- [About this task] The reply to the records below should contain exactly the lines from the line with "have pi_bij : bijective" through the line with "exists p; split;", and nothing besides.

+++ Information given +++

(* With the notation of the context, assume that $L$ is nonresonant in $X_{N,T}$, $X_{D,T}$, $X_{M_1,T}$ and $X_{M_2,T}$, that $\widetilde L$ is nonresonant in $X_{N,2T}$ and $X_{D,2T}$, and that $\widetilde{\widetilde L}$ is nonresonant in $X_{P,4T}$. Then for all $(t,s)\in I\times I$, \[G_P[4T](t,s)=\tfrac14\big(G_N[T](t,s)+G_D[T](t,s)+G_{M_1}[T](t,s)+G_{M_2}[T](t,s)\big).\]
   Context: Fix $n\ge 1$, $T>0$, $I=[0,T]$, $J=[0,2T]$. $W^{2n,1}(K)$: $u\in C^{2n-1}(K)$ with $u^{(2n-1)}$ absolutely continuous. Let $a_0,\dots,a_{2n-1}\in L^{\alpha}(I)$, $\alpha\ge1$, $Lu=u^{(2n)}+\sum_{k=0}^{2n-1}a_ku^{(k)}$ on $I$. $\widetilde L u=u^{(2n)}+\sum_{k=0}^{n-1}(\hat a_{2k+1}u^{(2k+1)}+\tilde a_{2k}u^{(2k)})$ on $J$, where $\tilde a_{2k}=a_{2k}$, $\hat a_{2k+1}=a_{2k+1}$ on $I$, and $\tilde a_{2k}(t)=a_{2k}(2T-t)$, $\hat a_{2k+1}(t)=-a_{2k+1}(2T-t)$ for $t\in(T,2T]$; $\widetilde{\widetilde L}$ on $[0,4T]$ is obtained by the same construction from $\widetilde L$ (reflection about $2T$). Nonresonance of $M$ in $X$: $Mu=0$ a.e., $u\in X$ implies $u\equiv0$; the Green's function $G$ then gives the unique solution $u(t)=\int G(t,s)\sigma(s)ds$ of $Mu=\sigma$, $u\in X$. Spaces ($k=0,\dots,n-1$ unless stated): $X_{N,T}$: $u^{(2k+1)}(0)=u^{(2k+1)}(T)=0$; $X_{D,T}$: $u^{(2k)}(0)=u^{(2k)}(T)=0$; $X_{M_1,T}$: $u^{(2k+1)}(0)=u^{(2k)}(T)=0$; $X_{M_2,T}$: $u^{(2k)}(0)=u^{(2k+1)}(T)=0$ (all in $W^{2n,1}(I)$); $X_{N,2T}$, $X_{D,2T}$: the analogous Neumann/Dirichlet conditions at $0$ and $2T$ in $W^{2n,1}(J)$; $X_{P,4T}=\{u\in W^{2n,1}([0,4T]): u^{(k)}(0)=u^{(k)}(4T),\ k=0,\dots,2n-1\}$. $G_N[T],G_D[T],G_{M_1}[T],G_{M_2}[T]$ are the Green's functions of $L$ on $X_{N,T},X_{D,T},X_{M_1,T},X_{M_2,T}$, and $G_P[4T]$ that of $\widetilde{\widetilde L}$ on $X_{P,4T}$. *)

From HB Require Import structures.
From mathcomp Require Import all_boot all_order all_algebra.
From mathcomp Require Import all_classical all_reals all_analysis.
Set Implicit Arguments. Unset Strict Implicit. Unset Printing Implicit Defensive.
Import Order.TTheory GRing.Theory Num.Theory.
Import numFieldNormedType.Exports.
Local Open Scope classical_set_scope.
Local Open Scope ring_scope.

Section Defs.
Variable R : realType.

Definition Icc (a b : R) : set R := [set x | a <= x <= b].

(** [f] has derivative [l] at [t] relative to the set [K]
    (one-sided at the endpoints of an interval). *)
Definition has_deriv_within (K : set R) (f : R -> R) (t l : R) : Prop :=
  (fun h : R => h^-1 * (f (t + h) - f t)) @
     within [set h | h != 0 /\ K (t + h)] (nbhs (0 : R)) --> l.

Definition deriv_chain (K : set R) (m : nat) (u : R -> R)
    (d : nat -> R -> R) : Prop :=
  (forall t, K t -> d 0%N t = u t) /\
  forall k, (k < m)%N -> forall t, K t -> has_deriv_within K (d k) t (d k.+1 t).
Lemma nu_noninterior x :
  nu l1 [set y | ~~ interior l1 y] x = #|[set e | interior l1 e && covL x e]|.
Proof.
set S := [set y | ~~ interior l1 y].
have outS z : z \notin S -> interior l1 z by rewrite inE negbK.
have inS z : ~~ interior l1 z -> z \in S by rewrite inE.
apply: eq_card => e; rewrite !inE negbK; apply/andP/andP => -[Ie cell]; split=> //.
  case/existsP: cell => c1 /existsP[c2 /existsP[t /and5P[/and5P[_ xc1 _ c1t _] xe et _ _]]].
  have mc1 : mid x t c1 by rewrite /mid !(covS_noninterior diagram outS).
  by case/andP: (semimodular_mid mc1 xe et).
have [a [b /cover_sets1P[me Ua _]]] := interiorP diagram Ie.
rewrite -(Ua _ cell) in me; have /andP[_ eb] := me.
have [lm [rm [mlm mrm lmin rmax]]] := extremal_mids diagram me.
have [nlm nrm] := extremal_noninterior diagram mlm mrm lmin rmax.
have [lme erm lmrm] := interior_between diagram mlm mrm lmin rmax me Ie.
have /andP[/(reducible_noninterior diagram) nx /(reducible_noninterior diagram) nb] :=
  interior_bounds_reducible diagram Ie me.
apply/existsP; exists lm; apply/existsP; exists rm; apply/existsP; exists b.
have lmrm' : leftof l1 lm rm by rewrite /leftof lmrm lmin.
rewrite /cell4 lmrm' lme erm (covL_lt cell) (covL_lt eb) !andbT /=.
by case/andP: mlm mrm => xlm lmb /andP[xrm rmb]; rewrite !covL_covS ?inS.
Qed.

End Slimming.

Section PinnedPerm.
Variables (d : Order.disp_t) (L : finTBLatticeType d).

Lemma perm_mono_pinned (p : {perm L}) :
  (forall z, p z != z -> exists a b, [/\ cover_sets z = ([set a], [set b]),
     cover_sets (p z) = ([set a], [set b]), p a = a & p b = b]) ->
  {mono p : x y / x <= y}.
Proof.
move=> pinned x y; have [<-|xy] := eqVneq x y; first by rewrite !lexx.
have pxy : p x != p y by rewrite (inj_eq perm_inj).
have [px|/pinned[a [b [kx kpx pa pb]]]] := eqVneq (p x) x.
  have [py|/pinned[a [b [ky kpy _ _]]]] := eqVneq (p y) y; first by rewrite px py.
  by rewrite (cover_sets1_le_below ky xy) (cover_sets1_le_below kpy pxy) px.
rewrite (cover_sets1_le_above kx) 1?eq_sym // (cover_sets1_le_above kpx) 1?eq_sym //.
have [py|my] := eqVneq (p y) y; first by rewrite py.
have [a' [b' [ky kpy _ _]]] := pinned y my.
have by' : b != y by apply: contraNneq my => <-; rewrite pb.
have bpy : b != p y by apply: contraNneq my => bpy; rewrite -(inj_eq (@perm_inj _ p)) -bpy pb.
by rewrite (cover_sets1_le_below ky by') (cover_sets1_le_below kpy bpy).
Qed.

End PinnedPerm.

Section TwoDiagrams.
Variables (d : Order.disp_t) (L : finTBLatticeType d) (l1 l2 m1 m2 : rel L).
Hypotheses (dl : planar_diagram l1 l2) (dm : planar_diagram m1 m2).

Lemma interior_exchange : exists p : {perm L},
  [/\ {mono p : x y / x <= y}, forall x, reducible x -> p x = x &
      forall x, interior m1 (p x) = interior l1 x].
Proof.
pose A := [set x | interior l1 x]; pose B := [set x | interior m1 x].
have pinned z : z \in A :|: B ->
    exists a b, cover_sets z = ([set a], [set b]) /\ reducible a && reducible b.
  by rewrite !inE => /orP[/(interior_pinned dl)|/(interior_pinned dm)].
have fixed x : reducible x -> x \notin A :|: B.
  by move=> rx; rewrite !inE negb_or !(reducible_noninterior dl, reducible_noninterior dm).
have [k|p [pA key_p fix_p]] := @perm_fibers _ _ (@cover_sets _ L) A B.
  have [z /andP[/pinned[a [b [kz _]]] /eqP <-]|none] :=
    pickP [pred z | (z \in A :|: B) && (cover_sets z == k)].
    rewrite kz; transitivity (#|[set z | mid a b z]| - 2)%N.
      by rewrite -(card_interior_cover_sets1 dl); apply: eq_card => x; rewrite !inE.
    by rewrite -(card_interior_cover_sets1 dm); apply: eq_card => x; rewrite !inE.
  suff fiber0 (D : {set L}) : D \subset A :|: B -> [set x in D | cover_sets x == k] = set0.
    by rewrite !fiber0 ?subsetUl ?subsetUr.
  move=> DAB; apply/setP => x; rewrite !inE; apply/negbTE/andP => -[xD kx].
  by have := none x; rewrite /= (subsetP DAB _ xD) kx.
exists p; split.
- apply: perm_mono_pinned => z mz.
  have zAB : z \in A :|: B by apply: contraNT mz => /fix_p ->.
  have [a [b [kz /andP[ra rb]]]] := pinned z zAB.
  by exists a, b; rewrite key_p kz !fix_p ?fixed.
- by move=> x /fixed /fix_p.
- move=> x; have : (p x \in B) = (x \in A) by rewrite -pA mem_imset //; apply: perm_inj.
  by rewrite !inE.
Qed.

End TwoDiagrams.

Lemma lattice_iso_mono d1 d2 (L1 : finTBLatticeType d1) (L2 : finTBLatticeType d2)
  (f : L1 -> L2) : lattice_iso f -> {mono f : x y / x <= y}.
Proof. by case=> fbij fU _ x y; rewrite !leEjoin -fU (inj_eq (bij_inj fbij)). Qed.

Section Transport.
Variables (d1 d2 : Order.disp_t) (L1 : finTBLatticeType d1) (L2 : finTBLatticeType d2).
Variables (f : L1 -> L2).
Hypotheses (fbij : bijective f) (fmono : {mono f : x y / x <= y}).

Lemma mono_lattice_iso : lattice_iso f.
Proof.
have [g fK gK] := fbij; split=> // x y; apply/le_anti/andP; split.
- by rewrite -[_ `|` f y]gK fmono leUx -!fmono !gK leUl leUr.
- by rewrite leUx !fmono leUl leUr.
- by rewrite lexI !fmono leIl leIr.
- by rewrite -[_ `&` f y]gK fmono lexI -!fmono !gK leIl leIr.
Qed.

Let fmono_lt : {mono f : x y / x < y}.
Proof. by move=> x y; rewrite !lt_def fmono (inj_eq (bij_inj fbij)). Qed.

Lemma covL_mono x y : covL (f x) (f y) = covL x y.
Proof.
have [g fK gK] := fbij; apply/covLP/covLP => -[xy nomid]; split.
- by rewrite -fmono_lt.
- by move=> z xz zy; apply: (nomid (f z)); rewrite fmono_lt.
- by rewrite fmono_lt.
- by move=> z xz zy; apply: (nomid (g z)); rewrite -fmono_lt gK.
Qed.

Lemma planar_diagram_relpre (m1 m2 : rel L2) :
  planar_diagram m1 m2 -> planar_diagram (relpre f m1) (relpre f m2).
Proof.
have finj := bij_inj fbij.
have linear_relpre (r : rel L2) : linear_order r -> linear_order (relpre f r).
  case=> rr ar tr tor; split=> [x|x y /ar/finj //|y x z|x y] /=;
    [exact: rr | exact: tr | exact: tor].
case=> lin1 lin2 le12; split; [exact: linear_relpre | exact: linear_relpre |].
by move=> x y /=; rewrite -le12 fmono.
Qed.

Lemma interior_relpre (m1 : rel L2) x : interior (relpre f m1) x = interior m1 (f x).
Proof.
have [g fK gK] := fbij; have finj := can_inj fK.
have leftof_relpre u v : leftof (relpre f m1) u v = leftof m1 (f u) (f v).
  by rewrite /leftof (inj_eq finj).
have mid_mono a b y : mid (f a) (f b) (f y) = mid a b y by rewrite /mid !covL_mono.
apply/idP/idP => /existsP[a /existsP[b /existsP[c1 /existsP[c2 /and5P[mx mc1 mc2 c1x xc2]]]]].
  by apply: (interiorI (a := f a) (b := f b) (c1 := f c1) (c2 := f c2));
    rewrite ?mid_mono -?leftof_relpre.
by apply: (interiorI (a := g a) (b := g b) (c1 := g c1) (c2 := g c2));
  rewrite 1?leftof_relpre -1?mid_mono !gK.
Qed.

Variables (l1 : rel L1) (m1 : rel L2).
Hypothesis interior_f : forall x, interior m1 (f x) = interior l1 x.

Lemma imset_noninterior : f @: [set x | ~~ interior l1 x] = [set y | ~~ interior m1 y].
Proof. by apply: (imset_set_bij fbij) => x; rewrite interior_f. Qed.

Lemma card_interior_covers_mono x :
  #|[set e | interior l1 e && covL x e]| = #|[set e | interior m1 e && covL (f x) e]|.
Proof. by apply: (card_set_bij fbij) => e; rewrite interior_f covL_mono. Qed.

End Transport.
Theorem mainTheorem8 :
  (* (i) *)
  (forall (d : Order.disp_t) (L : finTBLatticeType d) (l1 l2 : rel L) (S : {set L}),
     semimodular L -> planar_diagram l1 l2 -> full_slimming l1 S ->
     (gs_indecomposable [set: L] <-> gs_indecomposable S)) /\
  (* (ii) *)
  (forall (d1 d2 : Order.disp_t) (L1 : finTBLatticeType d1) (L2 : finTBLatticeType d2)
          (l1 l2 : rel L1) (m1 m2 : rel L2) (S1 : {set L1}) (S2 : {set L2}),
     semimodular L1 -> planar_diagram l1 l2 -> full_slimming l1 S1 ->
     semimodular L2 -> planar_diagram m1 m2 -> full_slimming m1 S2 ->
     forall phi : L1 -> L2, lattice_iso phi ->
     exists pi : L1 -> L1,
       [/\ lattice_iso pi,
           (forall x, reducible x -> pi x = x),
           [set phi (pi x) | x in S1] = S2 &
           (forall x, x \in S1 -> nu l1 S1 x = nu m1 S2 (phi (pi x)))]) /\
  (* (iii) *)
  (forall (d : Order.disp_t) (L : finTBLatticeType d) (l1 l2 m1 m2 : rel L)
          (S T : {set L}),
     semimodular L -> planar_diagram l1 l2 -> planar_diagram m1 m2 ->
     full_slimming l1 S -> full_slimming m1 T ->
     exists f : L -> L,
       [set f x | x in S] = T /\
       (forall x y, x \in S -> y \in S -> (x <= y) = (f x <= f y))).
Proof.
split; [|split].
- move=> d L l1 l2 S semimod dl fullS.
  rewrite (full_slimming_noninterior dl semimod fullS).
  exact: gs_indecomposable_noninterior dl.
- move=> d1 d2 L1 L2 l1 l2 m1 m2 S1 S2 sm1 dl full1 sm2 dm full2 phi iso_phi.
  have [phi_bij _ _] := iso_phi; have phi_mono := lattice_iso_mono iso_phi.
  have dm' := planar_diagram_relpre phi_bij phi_mono dm.
  have [pi [pi_mono pi_red pi_int]] := interior_exchange dl dm'.
  have pi_bij : bijective pi := injF_bij (@perm_inj _ pi).
  have psi_bij : bijective (fun x => phi (pi x)) := bij_comp phi_bij pi_bij.
  have psi_mono : {mono (fun x => phi (pi x)) : x y / x <= y}.
    by move=> x y; rewrite phi_mono pi_mono.
  have psi_int x : interior m1 (phi (pi x)) = interior l1 x.
    by rewrite -(interior_relpre phi_bij phi_mono) pi_int.
  rewrite (full_slimming_noninterior dl sm1 full1) (full_slimming_noninterior dm sm2 full2).
  exists pi; split=> [|||x _].
  + exact: mono_lattice_iso pi_bij pi_mono.
  + exact: pi_red.
  + by apply: (imset_noninterior psi_bij psi_int).
  + rewrite (nu_noninterior dl sm1) (nu_noninterior dm sm2).
    by apply: (card_interior_covers_mono psi_bij psi_mono psi_int).
- move=> d L l1 l2 m1 m2 S T semimod dl dm fullS fullT.
  have [p [p_mono _ p_int]] := interior_exchange dl dm.
  exists p; split; last by move=> x y _ _; rewrite p_mono.
  rewrite (full_slimming_noninterior dl semimod fullS) (full_slimming_noninterior dm semimod fullT).
  by apply: (imset_noninterior (injF_bij (@perm_inj _ p)) p_int).
Qed.
(* Let $K\ge 1$ and $N$ be integers with $N-K\ge K$, and let $\mu>0$. Consider $K$ files stored on $N$ nodes using a systematic $(N,K)$ MDS code, each node having service rate $\mu$. Then the water-filling algorithm is optimal: the set of arrival-rate vectors $(\lambda_1,\dots,\lambda_K)\in\mathbb{R}_{\ge 0}^K$ that it can serve is the whole region $$\Big\{(\lambda_1,\dots,\lambda_K)\in\mathbb{R}_{\ge0}^K:\ \sum_{i=1}^{K}\Big(\min(\lambda_i,\mu)+K(\lambda_i-\mu)^{+}\Big)\le N\mu\Big\},$$ where $(x)^+=\max(0,x)$; in particular this region is the service capacity region of the system.
   Context: Storage model: there are $K$ files $f_1,\dots,f_K$ of equal size stored on $N$ nodes labeled $1,\dots,N$, each node having service rate $\mu$. In the systematic $(N,K)$ MDS code, node $i$ stores $f_i$ for $1\le i\le K$, and nodes $K+1,\dots,N$ store parity symbols, such that $f_i$ can be recovered either from node $i$ alone or from any $K$ of the other $N-1$ nodes; the recovering sets of $f_i$ are $\{i\}$ and every $K$-element subset of $\{1,\dots,N\}\setminus\{i\}$, denoted $R^{(i)}_1,\dots,R^{(i)}_{t_i}$. Requests for $f_i$ arrive at rate $\lambda_i\ge0$. The service capacity region is the set of vectors $(\lambda_1,\dots,\lambda_K)$ for which there exist $\lambda^{(i)}_j\ge 0$ (rate of requests for $f_i$ sent to $R^{(i)}_j$) with $\sum_j\lambda^{(i)}_j=\lambda_i$ for all $i$ and $\sum_{i}\sum_{j:\,\ell\in R^{(i)}_j}\lambda^{(i)}_j\le\mu$ for every node $\ell$. Water-filling algorithm: given $\lambda_1,\dots,\lambda_K$, let $\gamma_\ell$ denote the load on node $\ell$. First set $\gamma_i=\min(\lambda_i,\mu)$ for $i=1,\dots,K$ (requests are sent to their systematic node until it is saturated) and $\gamma_\ell=0$ for $\ell>K$. The remaining rate $\lambda_{\mathrm{coded}}=\sum_{i=1}^K(\lambda_i-\mu)^+$ is served through coded recovery, each unit of it occupying $K$ unsaturated nodes (a request for $f_i$ with $\lambda_i>\mu$ never uses node $i$, which is saturated). While $\lambda_{\mathrm{coded}}>0$ and $\min_\ell\gamma_\ell<\mu$: choose the $K$ least-loaded nodes, send an infinitesimal rate $\epsilon>0$ to each of them, decrease $\lambda_{\mathrm{coded}}$ by $\epsilon$ and increase these $K$ loads by $\epsilon$. The algorithm serves $(\lambda_1,\dots,\lambda_K)$ if it ends with $\lambda_{\mathrm{coded}}=0$ and all loads at most $\mu$. *)

From HB Require Import structures.
From mathcomp Require Import all_boot all_order all_algebra.
From mathcomp Require Import reals.
Import Order.TTheory GRing.Theory Num.Theory.
Local Open Scope ring_scope.

(* Nodes are 'I_N, files are 'I_K; file i is stored systematically on the node
   whose index equals i (nodes 0..K-1 in 0-based indexing). *)

Definition posp {R : realType} (x : R) : R := Num.max 0 x.

Definition recovering (K N : nat) (i : 'I_K) (S : {set 'I_N}) : bool :=
  (S == [set j : 'I_N | val j == val i])
  || ((#|S| == K) && [forall j in S, val j != val i]).

Definition in_capacity_region {R : realType} (K N : nat) (mu : R)
    (lam : 'I_K -> R) : Prop :=
  exists x : 'I_K -> {set 'I_N} -> R,
    (forall i S, 0 <= x i S) /\
    (forall i, \sum_(S : {set 'I_N} | recovering K N i S) x i S = lam i) /\
    (forall l : 'I_N,
       \sum_(i < K) \sum_(S : {set 'I_N} | recovering K N i S && (l \in S)) x i S
         <= mu).

Definition in_region {R : realType} (K N : nat) (mu : R) (lam : 'I_K -> R) : Prop :=
  \sum_(i < K) (Num.min (lam i) mu + K%:R * posp (lam i - mu)) <= N%:R * mu.

Definition wf_init {R : realType} (K N : nat) (mu : R) (lam : 'I_K -> R)
    (l : 'I_N) : R :=
  \sum_(i < K | val i == val l) Num.min (lam i) mu.

Definition wf_coded {R : realType} (K : nat) (mu : R) (lam : 'I_K -> R) : R :=
  \sum_(i < K) posp (lam i - mu).

(* Fluid (epsilon -> 0) model of the water-filling loop: g t l is the load of
   node l after coded rate t has been allocated, 0 <= t <= T.  Each unit of
   coded rate occupies K distinct nodes (so each node's load grows at rate
   between 0 and 1, and total load at rate K), and it is always sent to the
   K least-loaded nodes: if on a time interval node l stays strictly less
   loaded than node m and m receives some rate, then l receives full rate. *)
Definition wf_trajectory {R : realType} (K N : nat) (init : 'I_N -> R) (T : R)
    (g : R -> 'I_N -> R) : Prop :=
  (forall l, g 0 l = init l) /\
  (forall s t l, 0 <= s -> s <= t -> t <= T ->
     0 <= g t l - g s l <= t - s) /\
  (forall s t, 0 <= s -> s <= t -> t <= T ->
     \sum_(l : 'I_N) (g t l - g s l) = K%:R * (t - s)) /\
  (forall s t (l m : 'I_N), 0 <= s -> s <= t -> t <= T ->
     (forall u, s <= u -> u <= t -> g u l < g u m) ->
     g s m < g t m -> g t l - g s l = t - s).

(* The water-filling algorithm serves lam: it runs (a fluid run exists), and
   every run ends with all loads at most mu (all the coded rate is served,
   since a run allocates the whole coded rate T). *)
Definition wf_serves {R : realType} (K N : nat) (mu : R) (lam : 'I_K -> R) : Prop :=
  (exists g, wf_trajectory K N (wf_init K N mu lam) (wf_coded K mu lam) g) /\
  (forall g, wf_trajectory K N (wf_init K N mu lam) (wf_coded K mu lam) g ->
     forall l : 'I_N, g (wf_coded K mu lam) l <= mu).

(* In its fluid form, water-filling keeps a water level h(t) once coded rate t
   has been allocated: the least level such that raising every node at unit
   speed from its initial load, up to that level, absorbs the rate K t.  As the
   K <= N - K parity nodes start empty, h is nondecreasing and 1-Lipschitz,
   which yields a run.  In any run, a node can rise above a level v only while
   fewer than K nodes lie below v, and a node not served at full rate has more
   than K nodes at most as loaded as itself; so if a node ended above mu,
   either every node would end above mu, against the total load
   sum a + K T <= N mu, or these two counts would collide.

   For the capacity region, a request for f_i costs one node-unit on its
   systematic node, which serves at most mu, and K node-units otherwise; this
   gives necessity.  Conversely, the coded rate C is spread over the nodes in
   proportion to their spare capacity, capped at C.  A load vector with
   entries in [0, C] summing to K C is a nonnegative combination of K-subsets
   (a point of the scaled hypersimplex), found greedily by induction on its
   support, and these K-subsets avoid the saturated systematic nodes. *)

From mathcomp Require Import classical_sets.
From mathcomp Require Import all_boot all_order all_algebra.
From mathcomp Require Import reals.
From mathcomp Require Import ring lra.
Import Order.TTheory GRing.Theory Num.Theory.
Local Open Scope ring_scope.
(* Let $\mathcal{M}=(S,P,E,s_{init},L)$ be a CTMC with absorbing goal state $g$ and reward function $\rho\colon S\to\mathbb{R}_{>0}$ (all rewards positive). Let $\varepsilon,\delta\geq0$, let $s,s'\in S$ with $s\sim_{\varepsilon,\delta}s'$, let $r\geq0$, and let $\widehat{q}\geq\max_{p\in S}\widehat{E}(p)$ where $\widehat{E}(p)=E(p)/\rho(p)$. Then $$\left|\mathrm{Pr}_s(\lozenge_{\leq r}g)-\mathrm{Pr}_{s'}(\lozenge_{\leq r}g)\right|\leq 1-e^{-\widehat{q}\, r\,(e^{\delta}(\varepsilon+1)-1)}.$$
   Context: A CTMC $(S,P,E,s_{init},L)$: finite $S$, $P\colon S\to\mathrm{Distr}(S)$ ($P(s,A)=\sum_{a\in A}P(s,a)$), $E\colon S\to\mathbb{R}_{>0}$, initial state, labeling $L$. A timed path is $\sigma=s_0t_0s_1t_1\dots$ with $t_i>0$ the residence time in $s_i$ (exponential with rate $E(s_i)$, next state $s_{i+1}$ drawn with probability $P(s_i,s_{i+1})$). $\sigma@t=s_m$ for $m$ the smallest index with $t\leq\sum_{i=0}^{m}t_i$. The cumulative reward until time $t$ is $\rho(\sigma,t)=\sum_{j=0}^{m-1}t_j\rho(s_j)+(t-\sum_{j=0}^{m-1}t_j)\rho(s_m)$ where $\sigma@t=s_m$. $\mathrm{Pr}_s(\lozenge_{\leq r}g)$ is the probability that the CTMC started in $s$ reaches $g$ while having accumulated reward at most $r$. For $R\subseteq S\times S$, $R(A)=\{t\mid\exists a\in A:(a,t)\in R\}$. In the presence of rewards, a reflexive symmetric $R\subseteq S\times S$ is an $(\varepsilon,\delta)$-bisimulation if for all $(s,s')\in R$: $L(s)=L(s')$, $\rho(s)=\rho(s')$, $|\ln E(s)-\ln E(s')|\leq\delta$, and $P(s,A)\leq P(s',R(A))+\varepsilon$ for all $A\subseteq S$; $s\sim_{\varepsilon,\delta}s'$ if some such relation contains $(s,s')$. Standing assumption: $g$ is the unique goal state, absorbing and uniquely labeled. *)

From HB Require Import structures.
From mathcomp Require Import all_boot all_order all_algebra.
From mathcomp Require Import all_classical all_reals all_analysis.
Set Implicit Arguments. Unset Strict Implicit. Unset Printing Implicit Defensive.
Import Order.TTheory GRing.Theory Num.Theory.
Local Open Scope classical_set_scope.
Local Open Scope ring_scope.

Section CTMC.
Variables (R : realType) (S : finType).

Definition Pset (P : S -> S -> R) (s : S) (A : {set S}) : R :=
  \sum_(a in A) P s a.

Definition is_distr_fun (P : S -> S -> R) : Prop :=
  (forall s t, 0 <= P s t) /\ (forall s, \sum_(t : S) P s t = 1).

Definition rel_image (Rl : rel S) (A : {set S}) : {set S} :=
  [set t | [exists a in A, Rl a t]].

Definition eps_delta_bisim {A : eqType} (P : S -> S -> R) (E : S -> R)
    (L : S -> A) (rho : S -> R) (eps delta : R) (Rl : rel S) : Prop :=
  (forall s, Rl s s) /\ (forall s s', Rl s s' -> Rl s' s) /\
  (forall s s', Rl s s' ->
     [/\ L s = L s', rho s = rho s',
         `| ln (E s) - ln (E s') | <= delta &
         forall B : {set S}, Pset P s B <= Pset P s' (rel_image Rl B) + eps]).

Definition eps_delta_bisimilar {A : eqType} (P : S -> S -> R) (E : S -> R)
    (L : S -> A) (rho : S -> R) (eps delta : R) (s s' : S) : Prop :=
  exists Rl : rel S, eps_delta_bisim P E L rho eps delta Rl /\ Rl s s'.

+++

- [The completed task]
  have pi_bij : bijective pi := injF_bij (@perm_inj _ pi).
  have psi_bij : bijective (fun x => phi (pi x)) := bij_comp phi_bij pi_bij.
  have psi_mono : {mono (fun x => phi (pi x)) : x y / x <= y}.
    by move=> x y; rewrite phi_mono pi_mono.
  have psi_int x : interior m1 (phi (pi x)) = interior l1 x.
    by rewrite -(interior_relpre phi_bij phi_mono) pi_int.
  rewrite (full_slimming_noninterior dl sm1 full1) (full_slimming_noninterior dm sm2 full2).
  exists pi; split=> [|||x _].
  + exact: mono_lattice_iso pi_bij pi_mono.
  + exact: pi_red.
  + by apply: (imset_noninterior psi_bij psi_int).
  + rewrite (nu_noninterior dl sm1) (nu_noninterior dm sm2).
    by apply: (card_interior_covers_mono psi_bij psi_mono psi_int).
- move=> d L l1 l2 m1 m2 S T semimod dl dm fullS fullT.
  have [p [p_mono _ p_int]] := interior_exchange dl dm.
  exists p; split; last by move=> x y _ _; rewrite p_mono.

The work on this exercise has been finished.